##### Provided records #####

Let Pr'_expect (g : W -> R) :
  \sum_w Pr' w * g w = \sum_w Pr w * g w
    - c * \sum_w1 \sum_w2 K w1 w2 * (g w1 + g w2 - g (s1 w1 w2) - g (s2 w1 w2)).
Proof.
have out1 : \sum_w b * (Pr w * (both w)%:R) * g w = \sum_w1 \sum_w2 K w1 w2 * g w1.
  apply: eq_bigr => w1 _; rewrite /b !mulr_suml; apply: eq_bigr => w2 _; rewrite /K; ring.
have out2 : \sum_w a * (Pr w * (neither w)%:R) * g w = \sum_w1 \sum_w2 K w1 w2 * g w2.
  rewrite exchange_big; apply: eq_bigr => w2 _; rewrite /a !mulr_suml.
  by apply: eq_bigr => w1 _; rewrite /K; ring.
have into : \sum_w (\sum_w1 \sum_w2 K w1 w2 * ((s1 w1 w2 == w)%:R + (s2 w1 w2 == w)%:R)) * g w
    = \sum_w1 \sum_w2 K w1 w2 * (g (s1 w1 w2) + g (s2 w1 w2)).
  under eq_bigr do rewrite mulr_suml.
  rewrite exchange_big; apply: eq_bigr => w1 _.
  under eq_bigr do rewrite mulr_suml.
  rewrite exchange_big; apply: eq_bigr => w2 _.
  under eq_bigr do rewrite -mulrA mulrDl.
  by rewrite -mulr_sumr big_split /= !sum_eq_pick.
rewrite (eq_bigr (fun w => Pr w * g w - c * (b * (Pr w * (both w)%:R) * g w
   + a * (Pr w * (neither w)%:R) * g w) + c * ((\sum_w1 \sum_w2 K w1 w2 *
   ((s1 w1 w2 == w)%:R + (s2 w1 w2 == w)%:R)) * g w))); last by move=> w _; rewrite /Pr'; ring.
rewrite big_split /= big_split /= sumrN -!mulr_sumr big_split /= out1 out2 into.
have -> : \sum_w1 \sum_w2 K w1 w2 * (g w1 + g w2 - g (s1 w1 w2) - g (s2 w1 w2)) =
    \sum_w1 \sum_w2 K w1 w2 * g w1 + \sum_w1 \sum_w2 K w1 w2 * g w2
    - \sum_w1 \sum_w2 K w1 w2 * (g (s1 w1 w2) + g (s2 w1 w2)).
  rewrite -big_split -sumrB; apply: eq_bigr => w1 _.
  by rewrite -big_split -sumrB; apply: eq_bigr => w2 _ /=; ring.
ring.
Qed.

#####

To do
Would you reproduce all the entries exactly?

Solved exercise
Let Pr'_expect (g : W -> R) :
  \sum_w Pr' w * g w = \sum_w Pr w * g w
    - c * \sum_w1 \sum_w2 K w1 w2 * (g w1 + g w2 - g (s1 w1 w2) - g (s2 w1 w2)).
Proof.
have out1 : \sum_w b * (Pr w * (both w)%:R) * g w = \sum_w1 \sum_w2 K w1 w2 * g w1.
  apply: eq_bigr => w1 _; rewrite /b !mulr_suml; apply: eq_bigr => w2 _; rewrite /K; ring.
have out2 : \sum_w a * (Pr w * (neither w)%:R) * g w = \sum_w1 \sum_w2 K w1 w2 * g w2.
  rewrite exchange_big; apply: eq_bigr => w2 _; rewrite /a !mulr_suml.
  by apply: eq_bigr => w1 _; rewrite /K; ring.
have into : \sum_w (\sum_w1 \sum_w2 K w1 w2 * ((s1 w1 w2 == w)%:R + (s2 w1 w2 == w)%:R)) * g w
    = \sum_w1 \sum_w2 K w1 w2 * (g (s1 w1 w2) + g (s2 w1 w2)).
  under eq_bigr do rewrite mulr_suml.
  rewrite exchange_big; apply: eq_bigr => w1 _.
  under eq_bigr do rewrite mulr_suml.
  rewrite exchange_big; apply: eq_bigr => w2 _.
  under eq_bigr do rewrite -mulrA mulrDl.
  by rewrite -mulr_sumr big_split /= !sum_eq_pick.
rewrite (eq_bigr (fun w => Pr w * g w - c * (b * (Pr w * (both w)%:R) * g w
   + a * (Pr w * (neither w)%:R) * g w) + c * ((\sum_w1 \sum_w2 K w1 w2 *
   ((s1 w1 w2 == w)%:R + (s2 w1 w2 == w)%:R)) * g w))); last by move=> w _; rewrite /Pr'; ring.
rewrite big_split /= big_split /= sumrN -!mulr_sumr big_split /= out1 out2 into.
have -> : \sum_w1 \sum_w2 K w1 w2 * (g w1 + g w2 - g (s1 w1 w2) - g (s2 w1 w2)) =
    \sum_w1 \sum_w2 K w1 w2 * g w1 + \sum_w1 \sum_w2 K w1 w2 * g w2
    - \sum_w1 \sum_w2 K w1 w2 * (g (s1 w1 w2) + g (s2 w1 w2)).
  rewrite -big_split -sumrB; apply: eq_bigr => w1 _.
  by rewrite -big_split -sumrB; apply: eq_bigr => w2 _ /=; ring.
ring.
Qed.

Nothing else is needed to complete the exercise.